In this paper, a single neural network based solution with a single set of weights, called Finite-horizon Single Network Adaptive Critics (Finite-SNAC), is developed which embeds solutions to the discrete-time HJB equation. Consequently, the offline trained network can be used to generate online feedback control. Furthermore, a major advantage of the proposed technique is that this network provides optimal feedback solutions to any different final time as long as it is less than the final time for which the network is synthesized.
In practical engineering problems, the designer faces constraints on the control effort. In order to facilitate the control constraint, a non-quadratic cost function [30], is used in this study.

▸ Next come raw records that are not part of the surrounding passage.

Lemma forward_mean_ndecr (c : T -> R) :
  (forall y, 0 <= \sum_x Q y x * c x) ->
  forall s t, 0 <= s -> s <= t -> \sum_x P s x * c x <= \sum_x P t x * c x.
Proof.
move=> Qc_ge0 s t s_ge0 st; rewrite -lerN2 -!sumrN.
under eq_bigr do rewrite -mulrN; under [X in _ <= X]eq_bigr do rewrite -mulrN.
apply: forward_mean_nincr => // y.
by under eq_bigr do rewrite mulrN; rewrite sumrN oppr_le0.
Qed.
End ForwardEquation.

Lemma posynomial_ge0 (R : realType) (q : nat) (f : ('I_q -> R) -> R) (x : 'I_q -> R) :
  posynomial f -> (forall k, 0 < x k) -> 0 <= f x.
Proof.
move=> [s [s_gt0 f_eq]] x_gt0; rewrite f_eq // big_seq; apply: sumr_ge0 => m m_s.
apply: mulr_ge0; first exact/ltW/(allP s_gt0).
by apply: prodr_ge0 => k _; exact: powR_ge0.
Qed.

Lemma sigmaR_sum (R : realType) (n p : nat) (x : gstate n p) :
  (sigmaR x)%:R = \sum_i ((x i == Rem)%:R : R).
Proof.
by rewrite /sigmaR -sum1dep_card natr_sum big_mkcond; apply: eq_bigr => i _; case: eqP.
Qed.

Section SIRGenerator.
Variables (R : realType) (n p : nat) (A : 'M[R]_n) (beta delta : 'I_n -> R)
  (Pi : 'I_n -> 'M[R]_p.+1).
Local Notation Q := (generator A beta delta Pi).
Local Notation rate := (node_rate A beta delta Pi).

Definition drift (V : gstate n p -> R) (y : gstate n p) : R := \sum_x Q y x * V x.

Definition set_node (y : gstate n p) (i : 'I_n) (b : nstate p) : gstate n p :=
  [ffun j => if j == i then b else y j].

Lemma sum_set_node (y : gstate n p) (i : 'I_n) (G : gstate n p -> R) :
  \sum_(x : gstate n p) ([forall j, (j != i) ==> (y j == x j)])%:R * G x =
  \sum_b G (set_node y i b).
Proof.
rewrite (partition_big (fun x : gstate n p => x i) predT) //=; apply: eq_bigr => b _.
rewrite (bigD1 (set_node y i b)) /=; last by rewrite ffunE eqxx.
rewrite big1 ?addr0 => [|x /andP[/eqP xi_b x_neq]].
  suff -> : [forall j, (j != i) ==> (y j == set_node y i b j)] by rewrite mul1r.
  by apply/forallP => j; apply/implyP => ji; rewrite ffunE (negbTE ji).
case: forallP => [y_x|_]; last by rewrite mul0r.
case/eqP: x_neq; apply/ffunP => j; rewrite ffunE.
by case: eqVneq => [->|ji] //; apply/esym/eqP; move: (y_x j); rewrite ji.
Qed.

Lemma drift_offrate (V : gstate n p -> R) (y : gstate n p) :
  drift V y = \sum_x offrate A beta delta Pi y x * (V x - V y).
Proof.
rewrite /drift (bigD1 y) //= [RHS](bigD1 y) //= subrr mulr0 add0r.
rewrite /generator eqxx mulNr mulr_suml -sumrN -big_split /=.
by apply: eq_bigr => x xy; rewrite eq_sym (negbTE xy) mulrBr addrC.
Qed.

Lemma drift_additive (phi : 'I_n -> nstate p -> R) (y : gstate n p) :
  drift (fun x => \sum_i phi i (x i)) y =
  \sum_i \sum_b rate i y (y i) b * (phi i b - phi i (y i)).
Proof.
rewrite drift_offrate; under eq_bigr do rewrite mulr_suml.
rewrite exchange_big /=; apply: eq_bigr => i _.
pose G x := rate i y (y i) (x i) * (phi i (x i) - phi i (y i)).
transitivity (\sum_b G (set_node y i b)); last first.
  by apply: eq_bigr => b _; rewrite /G ffunE eqxx.
rewrite -(sum_set_node y i G); apply: eq_bigr => x _.
case: forallP => [y_x|_]; last by rewrite !mul0r.
rewrite !mul1r /G -sumrB (bigD1 i) //= big1 ?addr0 // => j ji.
by move: (y_x j); rewrite ji => /eqP ->; rewrite subrr.
Qed.

Section NonnegativeRates.
Hypotheses (beta_ge0 : forall i, 0 <= beta i) (A_ge0 : forall i j, 0 <= A i j)
  (Pi_offdiag_ge0 : forall i l m, l != m -> 0 <= Pi i l m)
  (exit_rate_ge0 : forall i l, 0 <= wvec (Pi i) l + delta i).

Lemma node_rate_ge0 i x a b : 0 <= rate i x a b.
Proof.
case: a => [l|[]]; case: b => [m|[]] //=.
- by case: ifP => // /Pi_offdiag_ge0.
- by case: ifP => // _; rewrite mulr_ge0 // sumr_ge0 // => j _; rewrite mulr_ge0.
Qed.

Lemma generator_offdiag_ge0 x y : x != y -> 0 <= Q x y.
Proof.
move=> xy; rewrite /generator (negbTE xy).
by apply: sumr_ge0 => i _; rewrite mulr_ge0 ?node_rate_ge0.
Qed.

Lemma drift_removed_ge0 y : 0 <= drift (fun x => (sigmaR x)%:R) y.
Proof.
have -> : (fun x => (sigmaR x)%:R) =
          fun x : gstate n p => \sum_i ((x i == Rem)%:R : R).
  by apply/funext => x; exact: sigmaR_sum.
rewrite (drift_additive (fun _ b => (b == Rem)%:R)).
apply: sumr_ge0 => i _; apply: sumr_ge0 => b _.
have [->|y_i] := eqVneq (y i) Rem; first by case: b => [m|[]]; rewrite /= mul0r.
by rewrite subr0 mulr_ge0 ?node_rate_ge0.
Qed.

Section Lyapunov.
Variables (infected : 'I_n -> bool) (v : 'I_n -> 'I_p.+1 -> R).
Hypothesis v_ge0 : forall i l, 0 <= v i l.

(* An initially infected node is never susceptible; valuing that state at
   [v i ord0] makes its infection drift-free, which is why the constraint only
   charges the initially susceptible nodes (the factor [J] of the paper). *)
Definition lyap_node (i : 'I_n) (b : nstate p) : R :=
  match b with
  | inl l => v i l
  | inr true => 1
  | inr false => if infected i then v i ord0 else 0
  end.

Definition lyap (x : gstate n p) : R := \sum_i lyap_node i (x i).

Lemma removed_le_lyap x : (sigmaR x)%:R <= lyap x.
Proof.
rewrite sigmaR_sum; apply: ler_sum => i _.
by case: (x i) => [l|[]] /=; rewrite ?v_ge0 //; case: ifP.
Qed.

Lemma lyap_init : lyap (init_state p infected) = \sum_(i | infected i) v i ord0.
Proof.
rewrite /lyap [RHS]big_mkcond; apply: eq_bigr => i _; rewrite ffunE.
by case: ifP => /= infected_i; rewrite ?infected_i.
Qed.

Lemma lyap_node_drift i y :
  \sum_b rate i y (y i) b * (lyap_node i b - lyap_node i (y i)) =
  match y i with
  | inl l => \sum_(m | m != l) Pi i l m * (v i m - v i l)
             + (wvec (Pi i) l + delta i) * (1 - v i l)
  | inr false => (~~ infected i)%:R * beta i * v i ord0 *
                 \sum_j A i j * (is_inf (y j))%:R
  | inr true => 0
  end.
Proof.
rewrite big_sumType big_bool /=; case: (y i) => [l|[]] /=.
- rewrite mul0r addr0 [in RHS]big_mkcond /=; congr (_ + _); apply: eq_bigr => m _.
  by rewrite eq_sym; case: ifP; rewrite ?mul0r.
- by rewrite big1 => [|m _]; rewrite !mul0r ?addr0.
- rewrite !mul0r !addr0 (bigD1 ord0) //= [X in _ + X]big1 ?addr0; last first.
    by move=> m /negbTE ->; rewrite mul0r.
  by case: (infected i); rewrite /= ?subrr ?subr0 ?mulr0; ring.
Qed.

Comparing the developed controller in this paper with the available controllers in the literature, the closest one is [16]. The difference between Finite-SNAC and the controller developed in [16] is using only one network and only one set of weights for the purpose. Despite [23] and [24] the Finite-SNAC solves discrete-time problems and uses ADP to do so. Finally, [25]-[28] solves unspecified terminal time problems while Finite- SNAC solves the problems with given and fixed final time.
Specifically, in this paper an ADP based controller for control-constrained finite- horizon optimal control of discrete-time input-affine nonlinear systems is developed. This is done through a SNAC scheme that uses the current states and the time-to-go as inputs. The scheme is DHP based. For the proof of convergence, proof of HDP for the finite- horizon case is presented first. Then, it is shown that DHP has the same convergence result as the HDP, and therefore, DHP also converges to the optimal solution. Finally, after presenting the convergence proofs of the training error and the network weights for the selected weight update law, the performance of the controller is evaluated. The first example with a linear system allows easy comparison of the Finite-SNAC with known exact optimal results. The second example is a discrete-time nonlinear problem, and as the third example a more complex nonlinear spacecraft application, that is a fixed final time attitude maneuver, is carried out to show the applicability of Finite-SNAC to difficult engineering applications.
Rest of the paper is organized as follows: the Finite-SNAC is developed in Section II. Relevant convergence theorems are presented in Section III. Numerical results and analysis are presented in Section IV. Conclusions are given in Section V.